__Task description__: From the records below, work out how many lines contain "pair". Reply with that number alone.

##### Excerpted records

(* Let $E$ be a set of equivariance equations (equations $t\approx s$ between nominal terms) of total size $n$ and let $\nabla$ be a freshness context of size $m$. Then the algorithm $\mathfrak E$, run on $E;\nabla;\mathrm{Atoms}(E);\mathit{Id}$ until no rule applies, has $O(n^2+m)$ time complexity, assuming permutations are represented by a pair of hash tables (for the permutation and its inverse) and membership in the atom set and in $\nabla$ by hash tables, all with constant-time lookup and update.
   Context: Nominal terms $t::=f(t_1,\dots,t_n)\mid a\mid a.t\mid \pi\cdot X$ over sorted atoms, variables and function symbols; $\pi$ is a permutation (finite sequence of swappings $(a\,b)$ of same-sorted atoms; $\mathit{Id}$ the empty one); $\pi\bullet t$ is the swapping action ($(a\,b)$ exchanges $a,b$ everywhere, $(a\,b)\bullet(\pi\cdot X)=((a\,b)\pi)\cdot X$, sequences act right to left). The size of a term is the number of occurrences of atoms, variables and function symbols in it (the size of $E$ is the sum over its equations); $\mathrm{Atoms}(E)$ is the set of atoms occurring in $E$. A freshness context is a finite set of constraints $a\# X$. Algorithm $\mathfrak E$ works on states $E;\nabla;A;\pi$ with rules ($\uplus$ disjoint union): Dec-E: $\{f(t_1,..,t_m)\approx f(s_1,..,s_m)\}\uplus E;\nabla;A;\mathit{Id}\Rightarrow\{t_1\approx s_1,..,t_m\approx s_m\}\cup E;\nabla;A;\mathit{Id}$. Alp-E: $\{a.t\approx b.s\}\uplus E;\nabla;A;\mathit{Id}\Rightarrow\{(\bar c\,a)\bullet t\approx(\bar c\,b)\bullet s\}\cup E;\nabla;A;\mathit{Id}$, $\bar c$ a fresh atom (not in $A$, not occurring so far) of the sort of $a,b$. Sus-E: $\{\pi_1\cdot X\approx\pi_2\cdot X\}\uplus E;\nabla;A;\mathit{Id}\Rightarrow\{\pi_1\bullet a\approx\pi_2\bullet a\mid a\in A,\ a\# X\notin\nabla\}\cup E;\nabla;A;\mathit{Id}$. Rem-E: $\{a\approx b\}\uplus E;\nabla;A;\pi\Rightarrow E;\nabla;A\setminus\{b\};\pi$, for atoms with $\pi\bullet a=b$. Sol-E: $\{a\approx b\}\uplus E;\nabla;A;\pi\Rightarrow E;\nabla;A\setminus\{b\};(\pi\bullet a\;\,b)\pi$, for atoms with $\pi\bullet a\in A$, $b\in A$, $\pi\bullet a\neq b$. *)

From mathcomp Require Import all_boot.
Set Implicit Arguments. Unset Strict Implicit. Unset Printing Implicit Defensive.

(** Sorted atoms: an atom is a pair (sort, name); infinitely many atoms per sort. *)
Definition atom := (nat * nat)%type.
Definition asort (a : atom) : nat := a.1.

(** A permutation is a finite sequence of swappings; [[:: s1; ...; sk]]
    denotes s1 ∘ ... ∘ sk (acting right to left).  [Id] is [[::]]. *)
Definition perm := seq (atom * atom).

Definition swap_atom (s : atom * atom) (c : atom) : atom :=
  if c == s.1 then s.2 else if c == s.2 then s.1 else c.

Definition pact (p : perm) (c : atom) : atom := foldr swap_atom c p.

Definition is_id (p : perm) : Prop := forall c, pact p c = c.

(** variables and function symbols are named by nats *)
Inductive term : Type :=
| Fn  of nat & seq term
| At  of atom
| Abs of atom & term
| Sus of perm & nat.

Fixpoint tact (p : perm) (t : term) : term :=
  match t with
  | Fn f ts => Fn f (map (tact p) ts)
  | At a => At (pact p a)
  | Abs a u => Abs (pact p a) (tact p u)
  | Sus q X => Sus (p ++ q) X
  end.

(** size = number of occurrences of atoms (including those in permutations),
    variables and function symbols *)
Fixpoint tsize (t : term) : nat :=
  match t with
  | Fn _ ts => 1 + sumn (map tsize ts)
  | At _ => 1
  | Abs _ u => 1 + tsize u
  | Sus q X => 2 * size q + 1
  end.

(** number of syntax-tree nodes (invariant under swapping); used as the cost
    of traversing a term *)
Fixpoint tnodes (t : term) : nat :=
  match t with
  | Fn _ ts => 1 + sumn (map tnodes ts)
  | At _ => 1
  | Abs _ u => 1 + tnodes u
  | Sus _ _ => 1
  end.

Fixpoint tatoms (t : term) : seq atom :=
  match t with
  | Fn _ ts => flatten (map tatoms ts)
  | At a => [:: a]
  | Abs a u => a :: tatoms u
  | Sus q X => flatten (map (fun s => [:: s.1; s.2]) q)
  end.

Definition equation := (term * term)%type.
Definition eqs_size (E : seq equation) : nat := sumn (map (fun e => tsize e.1 + tsize e.2) E).
Definition eqs_atoms (E : seq equation) : seq atom :=
  flatten (map (fun e => tatoms e.1 ++ tatoms e.2) E).

(** freshness context: a list of constraints a # X *)
Definition fctx := seq (atom * nat).

(** states E ; nabla ; A ; pi  (E is handled as a multiset / worklist) *)
Record state := St { st_E : seq equation; st_nabla : fctx; st_A : seq atom; st_pi : perm }.

Definition perm_atoms (p : perm) : seq atom := flatten (map (fun s => [:: s.1; s.2]) p).

Definition state_atoms (s : state) : seq atom :=
  eqs_atoms (st_E s) ++ map fst (st_nabla s) ++ st_A s ++ perm_atoms (st_pi s).

Definition remove_atom (A : seq atom) (b : atom) : seq atom := [seq x <- A | x != b].

(** [step used s s' k]: one rule application from [s] to [s'] costing [k]
    elementary operations in the stated cost model (permutations, the atom set
    A and nabla stored in constant-time hash tables).  [used] is the set of
    atoms that occurred so far in the run (for the freshness side condition of
    Alp-E).  Costs:
    - Dec-E : 1 + m (remove the equation, push the m new ones);
    - Alp-E : 1 + traversal of t and s (each swapping of an atom or of the
              permutation of a suspension is O(1) on the hash tables);
    - Sus-E : 1 + |A| (one O(1) lookup in nabla and two O(1) permutation
              lookups per atom of A);
    - Rem-E, Sol-E : 1 (lookups/updates in hash tables). *)
Inductive step (used : seq atom) : state -> state -> nat -> Prop :=
| DecE E1 E2 nabla A p f ts ss :
    is_id p -> size ts = size ss ->
    step used (St (E1 ++ (Fn f ts, Fn f ss) :: E2) nabla A p)
              (St (zip ts ss ++ E1 ++ E2) nabla A p) (1 + size ts)
| AlpE E1 E2 nabla A p a b t s c :
    is_id p -> asort a = asort b -> asort c = asort a ->
    c \notin A -> c \notin used ->
    step used (St (E1 ++ (Abs a t, Abs b s) :: E2) nabla A p)
              (St ((tact [:: (c, a)] t, tact [:: (c, b)] s) :: E1 ++ E2) nabla A p)
              (1 + tnodes t + tnodes s)
| SusE E1 E2 nabla A p p1 p2 X :
    is_id p ->
    step used (St (E1 ++ (Sus p1 X, Sus p2 X) :: E2) nabla A p)
              (St ([seq (At (pact p1 a), At (pact p2 a)) | a <- A & (a, X) \notin nabla]
                   ++ E1 ++ E2) nabla A p)
              (1 + size A)
| RemE E1 E2 nabla A p a b :
    pact p a = b ->
    step used (St (E1 ++ (At a, At b) :: E2) nabla A p)
              (St (E1 ++ E2) nabla (remove_atom A b) p) 1
| SolE E1 E2 nabla A p a b :
    pact p a \in A -> b \in A -> pact p a != b ->
    step used (St (E1 ++ (At a, At b) :: E2) nabla A p)
              (St (E1 ++ E2) nabla (remove_atom A b) ((pact p a, b) :: p)) 1.

Inductive derivation : seq atom -> state -> nat -> Prop :=
| Deriv_nil used s : derivation used s 0
| Deriv_cons used s s' k c :
    step used s s' k -> derivation (used ++ state_atoms s') s' c ->
    derivation used s (k + c).

Definition init_state (E : seq equation) (nabla : fctx) : state :=
  St E nabla (undup (eqs_atoms E)) [::].

From Pilot Require Import Defs.
From mathcomp Require Import all_boot.
From mathcomp Require Import zify.
From Stdlib Require List.

Set Implicit Arguments.
Unset Strict Implicit.
Unset Printing Implicit Defensive.

(** The cost is bounded by a potential on the list of pending equations, in
    which every term is weighted by the work the algorithm may still spend on
    it.  As long as the atom set [A] has at most [N] elements (and rules only
    shrink [A]), every rule application lowers the potential by at least its
    cost.  The potential of a term of size [n] is [O((N + n) n)], and
    initially [N <= n]; hence every run costs [O(n^2)], plus [O(n + m)] for
    building the hash tables. *)

Definition term_nested_ind (P : term -> Prop)
    (HFn : forall f ts, List.Forall P ts -> P (Fn f ts))
    (HAt : forall a, P (At a))
    (HAbs : forall a u, P u -> P (Abs a u))
    (HSus : forall q X, P (Sus q X)) : forall t, P t :=
  fix ind t := match t return P t with
  | Fn f ts =>
      HFn f ts ((fix ind_seq us := match us return List.Forall P us with
                 | [::] => List.Forall_nil P
                 | u :: us' => @List.Forall_cons _ P u us' (ind u) (ind_seq us')
                 end) ts)
  | At a => HAt a
  | Abs a u => HAbs a u (ind u)
  | Sus q X => HSus q X
  end.

Lemma eq_map_Forall (T U : Type) (f g : T -> U) (s : seq T) :
  List.Forall (fun x => f x = g x) s -> map f s = map g s.
Proof. by elim=> //= x s' -> _ ->. Qed.

Lemma leq_sumn_map_Forall (T : Type) (f g : T -> nat) (s : seq T) :
  List.Forall (fun x => f x <= g x) s -> sumn (map f s) <= sumn (map g s).
Proof. by elim=> //= x s' le_fg _ IH; apply: leq_add. Qed.

Lemma sumn_affine_sqr_le (T : Type) (K : nat) (f : T -> nat) (s : seq T) :
  sumn [seq (K + f x) * f x | x <- s] <= (K + sumn (map f s)) * sumn (map f s).
Proof. elim: s => //= x s IH; nia. Qed.

Lemma tnodes_gt0 t : 0 < tnodes t.
Proof. by case: t. Qed.

Lemma size_le_sumn_tnodes ts : size ts <= sumn (map tnodes ts).
Proof. by elim: ts => //= t ts IH; have := tnodes_gt0 t; lia. Qed.

Lemma tnodes_tact p t : tnodes (tact p t) = tnodes t.
Proof.
elim/term_nested_ind: t => //= [f ts IH | a u ->] //.
by rewrite -map_comp (eq_map_Forall IH).
Qed.

Lemma tnodes_le_tsize t : tnodes t <= Defs.tsize t.
Proof.
elim/term_nested_ind: t => [f ts IH | a | a u IH | q X] /=; try lia.
by rewrite leq_add2l; apply: leq_sumn_map_Forall.
Qed.

Lemma size_tatoms_le_tsize t : size (tatoms t) <= Defs.tsize t.
Proof.
elim/term_nested_ind: t => [f ts IH | a | a u IH | q X] /=; [ | by [] | lia | ].
- rewrite size_flatten /shape -map_comp add1n ltnW // ltnS.
  exact: leq_sumn_map_Forall.
- rewrite size_flatten /shape -map_comp.
  by elim: q => //= s q; lia.
Qed.

Lemma size_init_atoms E : size (undup (eqs_atoms E)) <= eqs_size E.
Proof.
apply: leq_trans (size_undup _) _.
elim: E => //= e E IH; rewrite /eqs_atoms /= !size_cat -/(eqs_atoms E).
by rewrite /eqs_size /= -/(eqs_size E) !leq_add ?size_tatoms_le_tsize.
Qed.

Section Potential.

Variable N : nat.

(* Each node pays for the rule that will consume it: [Fn] for Dec-E (which
   pushes one equation per argument), [Abs] for Alp-E (which traverses the
   body), and a suspension for Sus-E, whose cost [1 + |A|] and the at most
   [|A|] atom equations of weight [2] it creates are covered by [2 N + 2]
   when [|A| <= N]. *)
Fixpoint weight (t : term) : nat :=
  match t with
  | Fn _ ts => 1 + size ts + sumn (map weight ts)
  | At _ => 1
  | Abs _ u => 1 + tnodes u + weight u
  | Sus _ _ => 2 * N + 2
  end.

Definition eqn_weight (e : equation) : nat := weight e.1 + weight e.2.

Definition potential (E : seq equation) : nat := sumn (map eqn_weight E).

Lemma weight_tact p t : weight (tact p t) = weight t.
Proof.
elim/term_nested_ind: t => //= [f ts IH | a u ->]; last by rewrite tnodes_tact.
by rewrite size_map -map_comp (eq_map_Forall IH).
Qed.

Lemma weight_le t : weight t <= (2 * N + 3 + tnodes t) * tnodes t.
Proof.
elim/term_nested_ind: t => /= [f ts IH | a | a u IH | q X]; try nia.
have le_sum := leq_trans (leq_sumn_map_Forall IH) (sumn_affine_sqr_le _ _ _).
have := size_le_sumn_tnodes ts; nia.
Qed.

Lemma potential_cat E1 E2 : potential (E1 ++ E2) = potential E1 + potential E2.
Proof. by rewrite /potential map_cat sumn_cat. Qed.

Lemma potential_cons e E : potential (e :: E) = eqn_weight e + potential E.
Proof. by []. Qed.

Lemma potential_zip ts ss : size ts = size ss ->
  potential (zip ts ss) = sumn (map weight ts) + sumn (map weight ss).
Proof.
elim: ts ss => [|t ts IH] [|s ss] //= [/IH].
by rewrite potential_cons => ->; rewrite /eqn_weight /=; lia.
Qed.

Lemma potential_atom_eqns (L : seq atom) (f g : atom -> atom) :
  potential [seq (At (f a), At (g a)) | a <- L] = 2 * size L.
Proof. by elim: L => //= a L; by rewrite potential_cons => ->; rewrite /eqn_weight /=; lia. Qed.

Lemma potential_le E : potential E <= (2 * N + 3 + eqs_size E) * eqs_size E.
Proof.
pose nodes (e : equation) := tnodes e.1 + tnodes e.2.
have le_nodes : sumn (map nodes E) <= eqs_size E.
  by apply: leq_sumn_map_Forall; apply/List.Forall_forall => e _;
     rewrite leq_add ?tnodes_le_tsize.
have le_pot : potential E <= (2 * N + 3 + sumn (map nodes E)) * sumn (map nodes E).
  apply: leq_trans (sumn_affine_sqr_le _ _ _); apply: leq_sumn_map_Forall.
  apply/List.Forall_forall => e _; rewrite /eqn_weight /nodes.
  by have := weight_le e.1; have := weight_le e.2; nia.
by apply: leq_trans le_pot _; rewrite leq_mul ?leq_add2l.
Qed.

Lemma step_size_A used s s' k : step used s s' k -> size (st_A s') <= size (st_A s).
Proof. by case=> //= *; rewrite size_filter count_size. Qed.

Lemma step_potential used s s' k : step used s s' k -> size (st_A s) <= N ->
  k + potential (st_E s') <= potential (st_E s).
Proof.
case=> /= {s s' k}.
- move=> E1 E2 nabla A p f ts ss _ size_ts _.
  by rewrite !potential_cat potential_cons potential_zip // /eqn_weight /=; lia.
- move=> E1 E2 nabla A p a b t s c *.
  rewrite !potential_cons !potential_cat potential_cons /eqn_weight /=.
  by rewrite !weight_tact; lia.
- move=> E1 E2 nabla A p p1 p2 X _ size_A.
  rewrite !potential_cat potential_cons potential_atom_eqns size_filter /eqn_weight /=.
  by set kept := count _ A; have : kept <= size A := count_size _ _; lia.
- by move=> *; rewrite !potential_cat potential_cons /eqn_weight /=; lia.
- by move=> *; rewrite !potential_cat potential_cons /eqn_weight /=; lia.
Qed.

Lemma derivation_cost_le used s c : derivation used s c ->
  size (st_A s) <= N -> c <= potential (st_E s).
Proof.
elim=> {used s c} // used s s' k c st _ IH size_A.
have := step_potential st size_A.
have := IH (leq_trans (step_size_A st) size_A); lia.
Qed.

End Potential.

Theorem theorem8 :
  exists C : nat, forall (E : seq equation) (nabla : fctx) (c : nat),
    derivation (state_atoms (init_state E nabla)) (init_state E nabla) c ->
    eqs_size E + size nabla + c <= C * ((eqs_size E) ^ 2 + size nabla + 1).
Proof.
exists 7 => E nabla c run.
have := derivation_cost_le run (size_init_atoms E).
have := potential_le (eqs_size E) E.
rewrite /init_state /=; nia.
Qed.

##########

__Result for this exercise__: 2